Sounds mature to say. But do you have a visceral sense of what your saying. Maybe yes, to a degree. But you've never been divorced. In fact you've never been in love, gotten married, had kids, for that matter you don't really even have a job.

It kinda like the movie " The Stepford Wives." They created the perfect women to say, look, act perfectly. Except there's no emotion. There's no connection. It's not a problem with the 20 year olds, it a problem for us looking for a world were we can identify and find connection. There's a tendency to make things what we want. And an example is sitting around at family picnics with my nieces and nephews as they seem all in charge of the world. Still young and having fun with friends. Out late. Succeeding in degrees and career prospects. Some fairly mature conversation. Until 6 months later when you find them making silly mistakes. Mistakes you once made and wouldn't now because you've been there, done that.

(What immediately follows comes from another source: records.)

Lemma convex_fun_of_derive (f df : R -> R) :
  (forall x, is_derive f x (df x)) -> (forall u v, u <= v -> df u <= df v) ->
  convex_fun f.
Proof.
  intros Hd Hm.
  assert (Hlt : forall x y t, x < y -> 0 < t < 1 ->
            f (t * x + (1 - t) * y) <= t * f x + (1 - t) * f y).
  { intros x y t Hxy Ht. set (m := t * x + (1 - t) * y).
    destruct (MVT_is_derive f df x m Hd ltac:(unfold m; nra)) as [c1 [Hc1 E1]].
    destruct (MVT_is_derive f df m y Hd ltac:(unfold m; nra)) as [c2 [Hc2 E2]].
    assert (Hc : df c1 <= df c2) by (apply Hm; lra).
    replace (m - x) with ((1 - t) * (y - x)) in E1 by (unfold m; ring).
    replace (y - m) with (t * (y - x)) in E2 by (unfold m; ring).
    assert (0 <= t * (1 - t) * (y - x)) by (apply Rmult_le_pos; nra).
    nra. }
  intros x y t Ht.
  destruct (Req_dec t 0) as [->|Ht0].
  { replace (0 * x + (1 - 0) * y) with y by ring. lra. }
  destruct (Req_dec t 1) as [->|Ht1].
  { replace (1 * x + (1 - 1) * y) with x by ring. lra. }
  destruct (Rtotal_order x y) as [Hxy|[<-|Hxy]].
  - apply Hlt; lra.
  - replace (t * x + (1 - t) * x) with x by ring. lra.
  - replace (t * x + (1 - t) * y) with ((1 - t) * y + (1 - (1 - t)) * x) by ring.
    pose proof (Hlt y x (1 - t) Hxy ltac:(lra)). lra.
Qed.

Lemma convex_fun_Rmax (g h : R -> R) :
  convex_fun g -> convex_fun h -> convex_fun (fun x => Rmax (g x) (h x)).
Proof.
  intros Hg Hh x y t Ht.
  pose proof (Hg x y t Ht). pose proof (Hh x y t Ht).
  pose proof (Rmax_l (g x) (h x)). pose proof (Rmax_r (g x) (h x)).
  pose proof (Rmax_l (g y) (h y)). pose proof (Rmax_r (g y) (h y)).
  apply Rmax_lub; nra.
Qed.

Lemma convex_fun_comp_Rmin (h : R -> R) (s : R) :
  (forall x1 x2, x1 <= x2 <= s -> h x2 <= h x1) ->
  (forall x1 x2 t, x1 <= s -> x2 <= s -> 0 <= t <= 1 ->
     h (t * x1 + (1 - t) * x2) <= t * h x1 + (1 - t) * h x2) ->
  convex_fun (fun x => h (Rmin x s)).
Proof.
  intros Hmono Hconv x y t Ht.
  pose proof (Rmin_l x s). pose proof (Rmin_r x s).
  pose proof (Rmin_l y s). pose proof (Rmin_r y s).
  assert (t * Rmin x s + (1 - t) * Rmin y s <= Rmin (t * x + (1 - t) * y) s)
    by (apply Rmin_glb; nra).
  eapply Rle_trans; [apply Hmono; split; [eassumption | apply Rmin_r] |].
  apply Hconv; auto.
Qed.

Lemma locally_of_ball (x r : R) (P : R -> Prop) :
  0 < r -> (forall y, Rabs (y - x) < r -> P y) -> locally x P.
Proof. intros Hr HP. exists (mkposreal r Hr). intros y Hy. now apply HP. Qed.

Lemma is_derive_of_punctured (f df : R -> R) (x r : R) : 0 < r ->
  (forall y, 0 < Rabs (y - x) < r -> is_derive f y (df y)) ->
  continuity_pt f x -> continuity_pt df x -> is_derive f x (df x).
Proof.
  intros Hr Hder Hf Hdf. apply is_derive_Reals. intros eps Heps.
  destruct (proj1 (continuity_pt_locally df x) Hdf (mkposreal eps Heps)) as [d Hd].
  assert (Hm : 0 < Rmin d r) by (apply Rmin_glb_lt; [apply cond_pos | lra]).
  exists (mkposreal _ Hm). intros h Hh0 Hh. simpl in Hh.
  pose proof (Rmin_l d r). pose proof (Rmin_r d r).
  assert (Hnear : forall y, Rmin x (x + h) <= y <= Rmax x (x + h) -> Rabs (y - x) <= Rabs h).
  { intros y Hy. unfold Rmin, Rmax in Hy. destruct (Rle_dec x (x + h)); split_Rabs; lra. }
  destruct (MVT_gen f x (x + h) df) as [y [Hy Ey]].
  - intros y Hy. apply Hder. pose proof (Hnear y ltac:(lra)).
    unfold Rmin, Rmax in Hy. destruct (Rle_dec x (x + h)); split_Rabs; lra.
  - intros y Hy. destruct (Req_dec y x) as [->|Hne]; auto.
    apply (is_derive_continuity_pt f y (df y)), Hder.
    pose proof (Hnear y Hy). split_Rabs; lra.
  - replace ((f (x + h) - f x) / h - df x) with (df y - df x)
      by (rewrite Ey; field; auto).
    apply (Hd y). pose proof (Hnear y Hy). change (Rabs (y - x) < d). lra.
Qed.

Lemma continuity_pt_inverse_on_ray (F G : R -> R) (x0 : R) :
  (forall u v, x0 <= u < v -> F u < F v) ->
  (forall h, F x0 <= h -> x0 <= G h /\ F (G h) = h) ->
  forall h, continuity_pt (fun h => G (Rmax h (F x0))) h.
Proof.
  intros Hincr HG h0. apply continuity_pt_locally. intros [eps Heps]. simpl.
  assert (Hmono : forall u v, x0 <= u <= v -> F u <= F v).
  { intros u v Huv. destruct (Req_dec u v) as [->|]; [lra|]. left; apply Hincr; lra. }
  destruct (HG _ (Rmax_r h0 (F x0))) as [Hz0 Fz0].
  set (z0 := G (Rmax h0 (F x0))) in *.
  assert (Hup : F z0 < F (z0 + eps)) by (apply Hincr; lra).
  assert (Hdown : exists d, 0 < d /\ (x0 <= z0 - eps -> d <= F z0 - F (z0 - eps))).
  { destruct (Rle_dec x0 (z0 - eps)).
    - exists (F z0 - F (z0 - eps)). pose proof (Hincr (z0 - eps) z0 ltac:(lra)). split; lra.
    - exists 1. split; lra. }
  destruct Hdown as [d [Hd Hd']].
  assert (Hm : 0 < Rmin (F (z0 + eps) - F z0) d) by (apply Rmin_glb_lt; lra).
  exists (mkposreal _ Hm). intros h Hh. change (Rabs (h - h0) < Rmin (F (z0 + eps) - F z0) d) in Hh.
  pose proof (Rmin_l (F (z0 + eps) - F z0) d). pose proof (Rmin_r (F (z0 + eps) - F z0) d).
  assert (Hmax : Rabs (Rmax h (F x0) - Rmax h0 (F x0)) <= Rabs (h - h0)).
  { unfold Rmax. destruct (Rle_dec h (F x0)), (Rle_dec h0 (F x0)); split_Rabs; lra. }
  destruct (HG _ (Rmax_r h (F x0))) as [Hz Fz].
  set (z := G (Rmax h (F x0))) in *.
  assert (z < z0 + eps).
  { destruct (Rlt_dec z (z0 + eps)) as [|Hn]; auto.
    pose proof (Hmono (z0 + eps) z ltac:(lra)). split_Rabs; lra. }
  assert (z0 - eps < z).
  { destruct (Rlt_dec (z0 - eps) z) as [|Hn]; auto.
    pose proof (Hmono z (z0 - eps) ltac:(lra)). specialize (Hd' ltac:(lra)). split_Rabs; lra. }
  split_Rabs; lra.
Qed.

Section ShiftConvex.
Variables (f : R -> R) (a alpha : R).

Local Notation F := (F_ f alpha).
Local Notation xp := (xplus f a alpha).
Local Notation G := (Finv f a alpha).
Local Notation c := (1 - alpha).
Local Notation s := (s_ f a alpha).
Local Notation tau := (tau f a alpha).

Hypothesis alpha_range : 0 <= alpha < 1.
Hypothesis F_cont : forall x, continuity_pt F x.
Hypothesis F_convex : convex_fun F.
Hypothesis xplus_range : -a <= xp <= a.
Hypothesis F_decr : forall u v, u < v <= xp -> F v < F u.
Hypothesis F_incr : forall u v, xp <= u < v -> F u < F v.
Hypothesis f_abs : forall x, a <= Rabs x -> f x = Rabs x.

Let g (y : R) : R := y + delta f a alpha y.
Let H (x : R) : R := F (tau x).

Lemma F_right z : a <= z -> F z = c * z.
Proof. intros Hz. unfold F_. rewrite f_abs; rewrite Rabs_right; lra. Qed.

Lemma F_left y : y <= -a -> F y = - (1 + alpha) * y.
Proof. intros Hy. unfold F_. rewrite f_abs; rewrite Rabs_left1; lra. Qed.

Lemma F_le_left u v : u <= v <= xp -> F v <= F u.
Proof. intros Huv. destruct (Req_dec u v) as [->|]; [lra|]. left; apply F_decr; lra. Qed.

Lemma F_le_right u v : xp <= u <= v -> F u <= F v.
Proof. intros Huv. destruct (Req_dec u v) as [->|]; [lra|]. left; apply F_incr; lra. Qed.

Lemma F_xplus_le x : F xp <= F x.
Proof. destruct (Rle_dec x xp); [apply F_le_left | apply F_le_right]; lra. Qed.

Lemma le_of_F_le_left y y' : y <= xp -> y' <= xp -> F y <= F y' -> y' <= y.
Proof.
  intros Hy Hy' HF. destruct (Rle_dec y' y) as [|Hn]; auto. pose proof (F_decr y y' ltac:(lra)). lra.
Qed.

Lemma le_of_F_le_right z z' : xp <= z -> xp <= z' -> F z <= F z' -> z <= z'.
Proof.
  intros Hz Hz' HF. destruct (Rle_dec z z') as [|Hn]; auto. pose proof (F_incr z' z ltac:(lra)). lra.
Qed.

Lemma Finv_spec h : F xp <= h -> xp <= G h /\ F (G h) = h.
Proof.
  intros Hh. apply inv_on_spec.
  pose proof (Rmax_l a (h / c)). pose proof (Rmax_r a (h / c)).
  set (z := Rmax a (h / c)) in *.
  assert (Hz : a <= z /\ h <= c * z).
  { split; [lra|]. apply Rmult_le_reg_l with (/ c); [apply Rinv_0_lt_compat; lra|].
    rewrite <- Rmult_assoc, Rinv_l, Rmult_1_l by lra. rewrite Rmult_comm. auto. }
  destruct (IVT_gen F xp z h F_cont) as [x [Hx Fx]].
  { rewrite (F_right z), Rmin_left, Rmax_right; lra. }
  exists x. rewrite Rmin_left in Hx by lra. split; [lra | exact Fx].
Qed.

Lemma Finv_F z : xp <= z -> G (F z) = z.
Proof.
  intros Hz. destruct (Finv_spec (F z) (F_xplus_le z)) as [HG FG].
  apply Rle_antisym; apply le_of_F_le_right; lra.
Qed.

Lemma Finv_le h1 h2 : F xp <= h1 <= h2 -> G h1 <= G h2.
Proof.
  intros Hh. destruct (Finv_spec h1) as [A1 B1]; [lra|].
  destruct (Finv_spec h2) as [A2 B2]; [lra|].
  apply le_of_F_le_right; lra.
Qed.

Lemma left_preimage h : F xp <= h -> exists y, y <= xp /\ F y = h.
Proof.
  intros Hh.
  pose proof (Rmin_l (- a) (- h / (1 + alpha))). pose proof (Rmin_r (- a) (- h / (1 + alpha))).
  set (y := Rmin (- a) (- h / (1 + alpha))) in *.
  assert (Hy : y <= - a /\ h <= - (1 + alpha) * y).
  { split; [lra|].
    assert (y * (1 + alpha) <= - h); [|lra].
    apply Rmult_le_reg_r with (/ (1 + alpha)); [apply Rinv_0_lt_compat; lra|].
    rewrite Rmult_assoc, Rinv_r, Rmult_1_r by lra. auto. }
  destruct (IVT_gen F y xp h F_cont) as [x [Hx Fx]].
  { rewrite (F_left y), Rmin_right, Rmax_left; lra. }
  exists x. rewrite Rmax_right in Hx by lra. split; [lra | exact Fx].
Qed.

Lemma g_eq y : g y = y + F y / c - G (F y).
Proof. unfold g, delta, phi. ring. Qed.

Lemma g_left y : y <= - a -> g y = y.
Proof.
  intros Hy. rewrite g_eq.
  set (z := F y / c).
  assert (Fy : F y = c * z) by (unfold z; field; lra).
  assert (Hz : a <= z).
  { apply Rmult_le_reg_l with c; [lra|]. rewrite <- Fy, F_left by lra. nra. }
  rewrite Fy, <- F_right, Finv_F by lra. ring.
Qed.

Lemma g_dilates y1 y2 : y1 <= y2 <= xp -> y2 - y1 <= g y2 - g y1.
Proof.
  intros Hy. rewrite !g_eq.
  destruct (Finv_spec (F y1) (F_xplus_le y1)) as [A1 B1].
  destruct (Finv_spec (F y2) (F_xplus_le y2)) as [A2 B2].
  assert (Hle : G (F y2) <= G (F y1)).
  { apply Finv_le. split; [apply F_xplus_le | apply F_le_left; lra]. }
  assert (Hslope : F y1 - F y2 <= c * (G (F y1) - G (F y2))).
  { destruct (Req_dec (G (F y2)) (G (F y1))) as [E|].
    - rewrite <- B1, <- B2, E. lra.
    - rewrite <- B1 at 1. rewrite <- B2 at 1.
      apply (convex_slope_le F c a F_convex F_right). lra. }
  assert (E1 : F y1 = c * (F y1 / c)) by (field; lra).
  assert (E2 : F y2 = c * (F y2 / c)) by (field; lra).
  nra.
Qed.

Lemma g_continuous : continuity g.
Proof.
  intros y.
  apply continuity_pt_ext with (fun y => (y + F y / c) - G (Rmax (F y) (F xp))).
  { intros x. rewrite g_eq, Rmax_left by apply F_xplus_le. ring. }
  apply continuity_pt_minus.
  - apply continuity_pt_plus.
    + apply derivable_continuous_pt, derivable_pt_id.
    + apply continuity_pt_div; auto. apply continuity_pt_const. now intros u v. lra.
  - apply (continuity_pt_comp F (fun h => G (Rmax h (F xp)))); auto.
    apply continuity_pt_inverse_on_ray; auto. apply Finv_spec.
Qed.

Lemma s_eq : s = g xp.
Proof. reflexivity. Qed.

Lemma tau_spec x : x <= s -> tau x <= xp /\ g (tau x) = x.
Proof.
  intros Hx. apply (inv_on_spec (fun y => y <= xp) g x).
  destruct (Rle_dec x (- a)) as [Hl|Hn].
  - exists x. split; [lra | apply g_left; lra].
  - destruct (IVT_gen g (- a) xp x g_continuous) as [y [Hy Gy]].
    { rewrite g_left, <- s_eq, Rmin_left, Rmax_right; lra. }
    exists y. rewrite Rmax_right in Hy by lra. split; [lra | exact Gy].
Qed.
(* Let $a$ and $b$ be positive integers. There exists a graph $G$ with $\gamma^{LD}(G)=a$ and $\gamma^{SLD}(G)=b$ if and only if $0\le b-a\le 2^a-1$.
   Context: Graphs are finite, simple and undirected, and need not be connected. For a vertex $u$, $N(u)$ is its set of neighbours and $N[u]=N(u)\cup\{u\}$. A code is a non-empty subset $C$ of the vertex set $V$; $I(C;u)=N[u]\cap C$. A code $C$ is locating-dominating if for all distinct $u,v\in V\setminus C$ we have $I(C;u)\neq\emptyset$ and $I(C;u)\ne I(C;v)$. A code $C$ is self-locating-dominating if for every $u\in V\setminus C$ we have $I(C;u)\neq\emptyset$ and $\bigcap_{c\in I(C;u)}N[c]=\{u\}$. $\gamma^{LD}(G)$ and $\gamma^{SLD}(G)$ are the minimum sizes of a locating-dominating and a self-locating-dominating code in $G$. *)

From mathcomp Require Import all_boot.
Set Implicit Arguments. Unset Strict Implicit. Unset Printing Implicit Defensive.

Definition simple_graph (T : finType) (e : rel T) : Prop :=
  symmetric e /\ irreflexive e.

Definition cnbh (T : finType) (e : rel T) (u : T) : {set T} :=
  [set v | (v == u) || e u v].

Definition Iset (T : finType) (e : rel T) (C : {set T}) (u : T) : {set T} :=
  cnbh e u :&: C.

Definition is_LD (T : finType) (e : rel T) (C : {set T}) : bool :=
  (C != set0) &&
  [forall u, (u \notin C) ==> (Iset e C u != set0)] &&
  [forall u, forall v, [&& u \notin C, v \notin C & u != v] ==> (Iset e C u != Iset e C v)].

Definition is_SLD (T : finType) (e : rel T) (C : {set T}) : bool :=
  (C != set0) &&
  [forall u, (u \notin C) ==>
     (Iset e C u != set0) && (\bigcap_(c in Iset e C u) cnbh e c == [set u])].

(* minimum sizes; the default #|T| is irrelevant whenever T is nonempty,
   since then T itself is such a code *)
Definition gamma_LD (T : finType) (e : rel T) : nat :=
  \big[minn/#|T|]_(C : {set T} | is_LD e C) #|C|.

Definition gamma_SLD (T : finType) (e : rel T) : nat :=
  \big[minn/#|T|]_(C : {set T} | is_SLD e C) #|C|.

From mathcomp Require Import all_boot zify.
Set Implicit Arguments. Unset Strict Implicit. Unset Printing Implicit Defensive.

(* Every self-locating-dominating code is locating-dominating, and a
   locating-dominating code C assigns distinct nonempty subsets I(C;u) of C to
   the vertices outside C; hence a <= b <= |V| <= a + 2^a - 1.

   Conversely, b = a is realised by the edgeless graph on a vertices.  For
   m = b - a > 0 pick k with 2^(k-1) <= m < 2^k, and take a clique K on k
   vertices, a - k isolated vertices, and m vertices labelled by distinct
   nonempty subsets of K, each joined to the members of its label.  The labels
   include the twin t_i of every i in K (t_0 = K, t_i = K - {i} otherwise),
   and t_i is also joined to every labelled vertex containing i.  K plus the
   isolated vertices is a locating-dominating code, and none is smaller: a
   code with only t < k of the k + m non-isolated vertices would have to
   locate the other k + m - t > 2^(k-1) > 2^t - 1 of them.  On the other hand
   every vertex u has some v <> u with N(u) included in N[v] (t_i for the
   clique vertex i), which forces u into every self-locating-dominating code,
   so gamma^SLD = |V| = k + m + (a - k) = b. *)

Section MinCode.
Variables (T : finType) (P : pred {set T}).

Local Notation min_code := (\big[minn/#|T|]_(C : {set T} | P C) #|C|).

Lemma min_code_le C : P C -> min_code <= #|C|.
Proof.
move=> PC; have : C \in index_enum {set T} := mem_index_enum C.
elim: (index_enum _) => // D r IH; rewrite inE big_cons => /predU1P[<- | /IH].
  by rewrite PC geq_minl.
by case: (P D) => // le; rewrite geq_min le orbT.
Qed.

Lemma min_code_le_card : min_code <= #|T|.
Proof.
apply: (big_ind (fun x => x <= #|T|)) => // [x y hx _ | C _].
  by rewrite geq_min hx.
exact: max_card.
Qed.

Lemma min_code_geq n :
  (forall C, P C -> n <= #|C|) -> n <= #|T| -> n <= min_code.
Proof.
by move=> hn hT; apply: (big_ind (fun x => n <= x)) => // x y; rewrite leq_min => ->.
Qed.

Lemma min_code_attained : P setT -> exists2 C, P C & min_code = #|C|.
Proof.
move=> PT; apply: (big_ind (fun x => exists2 C, P C & x = #|C|)).
- by exists setT; rewrite ?cardsT.
- by move=> x y [C PC ->] [D PD ->]; case: leqP => _; [exists C | exists D].
- by move=> C PC; exists C.
Qed.

End MinCode.

Section Codes.
Variables (T : finType) (e : rel T).

Lemma setT_SLD (x : T) : is_SLD e setT.
Proof.
apply/andP; split; first by apply/set0Pn; exists x; rewrite inE.
by apply/forallP => u; rewrite inE.
Qed.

This might be a weird direction to go, but as an example or metaphor.
Imagine you're too risky dating too many people. A niece might come and say "well I don't know that I want to settle down. I want to find the right person. etc." I'm not trying to pass a moral judgement. That's not my point. But I've lost 2 close and maybe 10 altogether friends to HIV. I'm not sure they were all sexually transmitted. Like I said I took this in an unexpected direction, but to make my point someone in my shoes, and I'm married for 20 years and love her more everyday, so I'm not going anywhere, but let's say I were. Well, I'm going to reflect on the people I know that are dead. My niece doesn't seem to have a clue. I'll be careful. Just dismiss it because she has no real consequence. It doesn't touch her. Her friends aren't gone. She wasn't at the funeral. She didn't see their cold dead faces, the faces of friends you loved, gone. Do you think that would change your thoughts on dating?

And the time it takes for me to respond when someone asks if I would date you is calculated by my thinking of each friend, each funeral, all the other friends that were friends with the ones that died, remembering the conversations I had with them before they dated other people, what is my impression of their lives when they started dating again. Remembering their struggles with dating again, and this list doesn't end.
Ask me if I'm ready to date and you might get an answer in a few weeks.
Absent all those experiences to reflect on it's a two second response. Sure, sounds like fun, or nahh, with someone else right now.

Supposedly our brains aren't fully developed until we are in our thirties, or at least 27 I think is the earliest if I remember correctly. So when you're talking to your 20 year old niece, remember she still growing and her brain isn't even fully developed.

This helped me put things in perspective. Was it helpful or did you know all this already. Looking forward to what you'd say.
 
Since most decisions aren't life or death unless your job places you in those situations, there is no harm in taking a few moments to come to a conclusion.
There are countless occasions were if I had based a decision on my first reaction to something, my decision would have been wrong.

There are occasions though where if I'm not careful I can get into a trap of over thinking and over analyzing something to the point I can't easily make a decision.
 
This thread is quite funny actually. I read it this morning,and decided to post this evening because I needed some time to mull it over. :p

On that note...I'm a "slow" thinker. I dont think it has so much to do with being slow as it is to do with being thorough! It used to really upset me when I was a teenager. If it's a topic I've already extensively researched/thought about, I could readily spout a novel on my thoughts and opinions. I was brought up in the church, so a lot of youth group meetings and bible studys. I was always frustrated as I knew I had questions about what was being discussed, I just didnt manage to spout them off like everyone else did! Nothing would come to me, but then I'd go away and think about it for a few days and have so many questions. I'm a deep thinker, I suppose is the way I;d put it!